## PROBLEM DETAILS
Copy out the lines below that hold the word "ffunP".

Stored items:
(* For all integers $k$ and $D$ with $D\ge k\ge 2$, there exists a $k$-degenerate graph $H_{D,k}$ with maximum degree $D$ such that $H_{D,k}^2$ is not $\big((2k-1)D-k^2-1\big)$-degenerate; in fact $H_{D,k}^2$ contains an induced subgraph of minimum degree $(2k-1)D-k^2$.
   Context: A graph is $k$-degenerate if every subgraph has a vertex of degree at most $k$. The square $H^2$ is obtained from $H$ by adding an edge between every pair of vertices at distance 2 in $H$. *)

From mathcomp Require Import all_boot.
Set Implicit Arguments. Unset Strict Implicit. Unset Printing Implicit Defensive.

Definition simple_graph (T : finType) (e : rel T) : Prop :=
  symmetric e /\ irreflexive e.

Definition nbrs_in (T : finType) (e : rel T) (S : {set T}) (x : T) : {set T} :=
  [set y in S | e x y].

Definition deg (T : finType) (e : rel T) (x : T) : nat := #|[set y | e x y]|.

Definition max_degree_eq (T : finType) (e : rel T) (D : nat) : Prop :=
  (forall x, deg e x <= D) /\ (exists x, deg e x = D).

Definition degenerate (T : finType) (e : rel T) (k : nat) : Prop :=
  forall S : {set T}, S != set0 -> exists2 x, x \in S & #|nbrs_in e S x| <= k.

Definition graph_square (T : finType) (e : rel T) : rel T :=
  fun x y => (x != y) && (e x y || [exists z, e x z && e z y]).

Definition has_induced_min_degree (T : finType) (e : rel T) (m : nat) : Prop :=
  exists2 S : {set T}, S != set0 & forall x, x \in S -> m <= #|nbrs_in e S x|.

From mathcomp Require Import all_boot zify.
Set Implicit Arguments. Unset Strict Implicit. Unset Printing Implicit Defensive.

(* Write D = d + 1 and view 'I_D as the alphabet
   {0, ..., D-1}.  The graph H is bipartite between "points", the words
   v : 'I_D -> 'I_D, and "lines" (j, g): the word g with coordinate j erased
   (represented with g j = 0).  A point v lies on the line through it in
   direction j when j < k, or when v j < k.  So lines in directions j < k carry
   D points, the other lines only k points, and every point lies on at most D
   lines; H has maximum degree D (the constant word 0 reaches it).  H is
   k-degenerate: a set containing a short line has a vertex of degree <= k,
   otherwise a point of the set only sees the k long lines through it, and a
   set of lines alone is independent.
   In H^2, the "good" points (all coordinates j >= k below k) induce a graph of
   minimum degree k * d + (D - k) * (k - 1) = (2k - 1) D - k^2: from a good
   point one may change coordinate j < k to any of d other letters, and
   coordinate j >= k to any of k - 1 other letters below k, passing through a
   common line. *)

Lemma card_le_imset (aT rT : finType) (f : aT -> rT) (A : {set aT}) (B : {set rT}) :
  B \subset f @: A -> #|B| <= #|A|.
Proof. by move/subset_leq_card/leq_trans; apply; apply: leq_imset_card. Qed.

Lemma min_degree_not_degenerate (T : finType) (e : rel T) (m : nat) :
  0 < m -> has_induced_min_degree e m -> ~ degenerate e m.-1.
Proof.
move=> m_gt0 [S S_n0 minS] /(_ S S_n0) [x xS deg_x].
by have := minS x xS; lia.
Qed.

Lemma card_ord_lt (n k : nat) : k <= n -> #|[set a : 'I_n | a < k]| = k.
Proof.
move=> le_kn.
have -> : [set a : 'I_n | a < k] = widen_ord le_kn @: [set: 'I_k].
  apply/setP=> a; rewrite inE; apply/idP/imsetP => [a_lt_k|[i _ ->] //=].
  by exists (Ordinal a_lt_k) => //; apply: val_inj.
by rewrite card_imset ?cardsT ?card_ord // => i j [] /val_inj.
Qed.

Lemma card_pairs (I J : finType) (P : I -> pred J) :
  #|[set p : I * J | P p.1 p.2]| = \sum_i #|[set b | P i b]|.
Proof.
rewrite -sum1_card (eq_bigl (fun p : I * J => P p.1 p.2)) => [|p]; last by rewrite inE.
rewrite -(pair_big_dep xpredT P (fun _ _ => 1)).
by apply: eq_bigr => i _; rewrite sum1_card; apply: eq_card => b; rewrite inE.
Qed.

Lemma sum_split_at (n k x y : nat) : k <= n ->
  \sum_(j < n) (if j < k then x else y) = k * x + (n - k) * y.
Proof.
move=> le_kn; rewrite -(big_mkord xpredT (fun j => if j < k then x else y)).
rewrite (big_cat_nat _ (n := k)) //=.
rewrite (eq_big_nat _ _ (F2 := fun _ => x)); last by move=> i /andP [_ ->].
rewrite [X in _ + X](eq_big_nat _ _ (F2 := fun _ => y)); last first.
  by move=> i /andP [le_ki _]; rewrite ltnNge le_ki.
by rewrite !sum_nat_const_nat subn0.
Qed.

Section Construction.

Variables k d : nat.
Hypothesis le_kD : k <= d.+1.
Local Notation D := d.+1.

(* Points are words of length D; a line (j, g) stands for the points that
   agree with g outside coordinate j (those with g j <> 0 are isolated). *)
Definition point := {ffun 'I_D -> 'I_D}.
Definition line := ('I_D * point)%type.
Definition vertex : finType := (point + line)%type.

Definition upd (v : point) (j a : 'I_D) : point :=
  [ffun i => if i == j then a else v i].

Definition allowed (j a : 'I_D) : bool := (j < k) || (a < k).

Definition incident (v : point) (l : line) : bool :=
  (l.2 == upd v l.1 ord0) && allowed l.1 (v l.1).

Definition grid : rel vertex := fun x y =>
  match x, y with
  | inl v, inr l | inr l, inl v => incident v l
  | _, _ => false
  end.

Lemma updE (v : point) j a i : upd v j a i = if i == j then a else v i.
Proof. by rewrite ffunE. Qed.

Lemma upd_reset (v : point) j a : upd (upd v j a) j (v j) = v.
Proof. by apply/ffunP => i; rewrite !updE; case: eqP => [->|]. Qed.

Lemma upd_inj (v : point) j a j' a' :
  a != v j -> upd v j a = upd v j' a' -> j = j' /\ a = a'.
Proof.
move=> a_new /ffunP /(_ j); rewrite !updE eqxx.
by case: eqP => [-> -> //|_ a_old]; rewrite a_old eqxx in a_new.
Qed.

Lemma upd_neq (v : point) j a : a != v j -> upd v j a != v.
Proof. by move=> a_new; apply: contra a_new => /eqP/ffunP/(_ j); rewrite updE eqxx => ->. Qed.

Lemma grid_simple : simple_graph grid.
Proof. by split; [move=> [v|l] [w|m] | case]. Qed.

Lemma point_nbr (v : point) (y : vertex) :
  grid (inl v) y -> exists2 j, y = inr (j, upd v j ord0) & allowed j (v j).
Proof. by case: y => // -[j g] /andP [/eqP /= -> ok]; exists j. Qed.

Lemma line_nbr (j : 'I_D) (g : point) (y : vertex) :
  grid (inr (j, g)) y -> exists2 w, y = inl w & w = upd g j (w j) /\ allowed j (w j).
Proof.
case: y => // w /andP [/eqP /= g_eq ok]; exists w => //.
by rewrite g_eq upd_reset.
Qed.

Lemma nbrs_in_deg (S : {set vertex}) (x : vertex) : #|nbrs_in grid S x| <= deg grid x.
Proof. by apply: subset_leq_card; apply/subsetP => y; rewrite !inE => /andP []. Qed.

Lemma deg_le (x : vertex) : deg grid x <= D.
Proof.
rewrite -[D]card_ord -cardsT; case: x => [v|[j g]].
  apply: (@card_le_imset _ _ (fun j => inr (j, upd v j ord0))).
  by apply/subsetP => y; rewrite inE => /point_nbr [i -> _]; apply: imset_f.
apply: (@card_le_imset _ _ (fun a => inl (upd g j a))).
by apply/subsetP => y; rewrite inE => /line_nbr [w -> [-> _]]; apply: imset_f.
Qed.

(* The constant word 0 lies on D lines, so the maximum degree is D. *)
Lemma grid_max_degree : 0 < k -> max_degree_eq grid D.
Proof.
move=> k_gt0; split=> [|]; first exact: deg_le.
pose v0 : point := [ffun _ => ord0].
exists (inl v0); apply/eqP; rewrite eqn_leq deg_le /=.
pose line_at (j : 'I_D) : vertex := inr (j, upd v0 j ord0).
have line_at_inj : injective line_at by move=> i j [].
rewrite -{1}[D]card_ord -cardsT -(card_imset _ line_at_inj).
apply: subset_leq_card; apply/subsetP => _ /imsetP [j _ ->].
by rewrite inE /= /incident eqxx /allowed ffunE k_gt0 orbT.
Qed.

Lemma deg_short_line (j : 'I_D) (g : point) : k <= j -> deg grid (inr (j, g)) <= k.
Proof.
move=> le_kj; rewrite -[k in _ <= k]card_ord -cardsT.
apply: (@card_le_imset _ _ (fun a => inl (upd g j (widen_ord le_kD a)))).
apply/subsetP => y; rewrite inE => /line_nbr [w -> [w_eq ok]].
have w_lt : w j < k by move: ok; rewrite /allowed ltnNge le_kj.
apply/imsetP; exists (Ordinal w_lt) => //; rewrite {1}w_eq.
by congr (inl (upd _ _ _)); apply: val_inj.
Qed.

Lemma point_nbrs_long (S : {set vertex}) (v : point) :
  (forall l : line, inr l \in S -> l.1 < k) -> #|nbrs_in grid S (inl v)| <= k.
Proof.
move=> long; rewrite -[k in _ <= k]card_ord -cardsT.
pose line_at (i : 'I_k) : vertex :=
  inr (widen_ord le_kD i, upd v (widen_ord le_kD i) ord0).
apply: (@card_le_imset _ _ line_at); apply/subsetP => y.
rewrite inE => /andP [yS /point_nbr [j y_eq _]].
have j_lt : j < k by move: yS; rewrite y_eq => /long.
apply/imsetP; exists (Ordinal j_lt) => //; rewrite y_eq /line_at.
by have -> : widen_ord le_kD (Ordinal j_lt) = j by apply: val_inj.
Qed.

(* Every nonempty S has a vertex with at most k neighbours in S: a short
   line, else a point (seeing only long lines), else any (isolated) line. *)
Lemma grid_degenerate : degenerate grid k.
Proof.
move=> S S_n0.
case: (pickP [pred l : line | (inr l \in S) && (k <= l.1)]) => [[j g] /andP [lS le_kj] | no_short].
  by exists (inr (j, g)) => //; apply: leq_trans (nbrs_in_deg _ _) (deg_short_line _ le_kj).
have long (l : line) : inr l \in S -> l.1 < k.
  by move=> lS; have := no_short l; rewrite /= lS /= ltnNge => ->.
case: (pickP [pred v : point | inl v \in S]) => [v vS | no_point].
  by exists (inl v) => //; apply: point_nbrs_long.
case/set0Pn: S_n0 => x xS; exists x => //.
rewrite (_ : nbrs_in grid S x = set0) ?cards0 //; apply/setP => y; rewrite !inE.
case: x xS => [v|l] xS; first by have := no_point v; rewrite /= xS.
by case: y => [w|m] /=; [have := no_point w; rewrite /= => ->|rewrite andbF].
Qed.

Definition good (v : point) : bool := [forall j : 'I_D, (k <= j) ==> (v j < k)].

Definition good_points : {set vertex} :=
  [set x | if x is inl v then good v else false].

Lemma goodP (v : point) : reflect (forall j, allowed j (v j)) (good v).
Proof.
apply: (iffP forallP) => [gv j | ok j].
  by have := gv j; rewrite /allowed; case: (ltnP j k).
by have := ok j; rewrite /allowed; case: (ltnP j k).
Qed.

Lemma good_upd (v : point) j a : good v -> allowed j a -> good (upd v j a).
Proof. by move=> /goodP gv ok; apply/goodP => i; rewrite updE; case: eqP => [->|]. Qed.

Lemma square_upd (v : point) j a :
  a != v j -> allowed j (v j) -> allowed j a ->
  graph_square grid (inl v) (inl (upd v j a)).
Proof.
move=> a_new ok_v ok_a; rewrite /graph_square eq_sym inj_eq ?upd_neq //=; last by move=> ? ? [].
apply/existsP; exists (inr (j, upd v j ord0)); rewrite /= /incident /= eqxx ok_v /=.
by rewrite updE eqxx ok_a andbT; apply/eqP/ffunP => i; rewrite !updE; case: eqP.
Qed.

Lemma card_changes_at (v : point) j : good v ->
  #|[set a | (a != v j) && allowed j a]| = if j < k then d else k.-1.
Proof.
move=> /goodP gv; rewrite /allowed; case: ifP => [j_lt|j_ge] /=.
  transitivity #|predC1 (v j)|; last by rewrite cardC1 card_ord.
  by apply: eq_card => a; rewrite !inE andbT.
have vj_lt : v j < k by have := gv j; rewrite /allowed j_ge.
rewrite (_ : [set a | _] = [set a : 'I_D | a < k] :\ v j); last first.
  by apply/setP => a; rewrite !inE.
have := cardsD1 (v j) [set a : 'I_D | a < k].
by rewrite inE vj_lt card_ord_lt // add1n => /(congr1 predn) /= <-.
Qed.

Lemma card_changes (v : point) : good v ->
  #|[set ja : 'I_D * 'I_D | (ja.2 != v ja.1) && allowed ja.1 ja.2]|
  = k * d + (D - k) * k.-1.
Proof.
move=> gv; rewrite (card_pairs (fun j a => (a != v j) && allowed j a)).
by rewrite -sum_split_at //; apply: eq_bigr => j _; apply: card_changes_at.
Qed.

(* In H^2 each good point is adjacent to all its allowed single-letter
   changes, which are good again. *)
Lemma square_min_degree (v : point) : good v ->
  k * d + (D - k) * k.-1 <= #|nbrs_in (graph_square grid) good_points (inl v)|.
Proof.
move=> gv; rewrite -(card_changes gv).
set changes := [set ja | _].
pose change (ja : 'I_D * 'I_D) : vertex := inl (upd v ja.1 ja.2).
have change_inj : {in changes &, injective change}.
  by move=> [j a] [j' a']; rewrite inE /= => /andP [a_new _] _ [] /(upd_inj a_new) /= [-> ->].
rewrite -(card_in_imset change_inj).
apply: subset_leq_card; apply/subsetP => _ /imsetP [[j a] + ->] /=.
rewrite inE /= => /andP [a_new ok_a].
have ok_v : allowed j (v j) by move/goodP: gv.
by rewrite /change !inE /= good_upd // square_upd.
Qed.

End Construction.

Arguments grid k d : clear implicits.
Arguments good_points k d : clear implicits.

Lemma square_bound_eq (k d : nat) : 2 <= k -> k <= d.+1 ->
  (2 * k - 1) * d.+1 - k ^ 2 = k * d + (d.+1 - k) * k.-1.
Proof.
move=> le_2k le_kD.
have [r ->] : exists r, d = k.-1 + r by exists (d - k.-1); lia.
have [k' ->] : exists k', k = k'.+1 by exists k.-1; lia.
rewrite subSS addKn (_ : 2 * k'.+1 - 1 = (2 * k').+1) ?expnS ?expn1 /=; [nia | lia].
Qed.

Theorem mainTheorem12 (k D : nat) :
  2 <= k -> k <= D ->
  exists (T : finType) (e : rel T),
    [/\ simple_graph e, degenerate e k, max_degree_eq e D,
        ~ degenerate (graph_square e) ((2 * k - 1) * D - k ^ 2 - 1)
      & has_induced_min_degree (graph_square e) ((2 * k - 1) * D - k ^ 2)].
Proof.
move=> le_2k; case: D => [|d] le_kD; first by lia.
pose v0 : point d := [ffun _ => ord0].
have good_v0 : good k v0 by apply/forallP => j; apply/implyP => _; rewrite ffunE /=; lia.
have induced : has_induced_min_degree (graph_square (grid k d))
                 ((2 * k - 1) * d.+1 - k ^ 2).
  exists (good_points k d); first by apply/set0Pn; exists (inl v0); rewrite inE.
  move=> [v|l]; rewrite inE // => gv; rewrite square_bound_eq //.
  exact: square_min_degree.
exists (vertex d), (grid k d); split => //.
- exact: grid_simple.
- exact: grid_degenerate.
- by apply: grid_max_degree; lia.
- rewrite subn1; apply: min_degree_not_degenerate induced.
  by rewrite square_bound_eq //; lia.
Qed.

## RESPONSE BOX
Proof. by apply/ffunP => i; rewrite !updE; case: eqP => [->|]. Qed.
move=> a_new /ffunP /(_ j); rewrite !updE eqxx.
Proof. by move=> a_new; apply: contra a_new => /eqP/ffunP/(_ j); rewrite updE eqxx => ->. Qed.
by rewrite updE eqxx ok_a andbT; apply/eqP/ffunP => i; rewrite !updE; case: eqP.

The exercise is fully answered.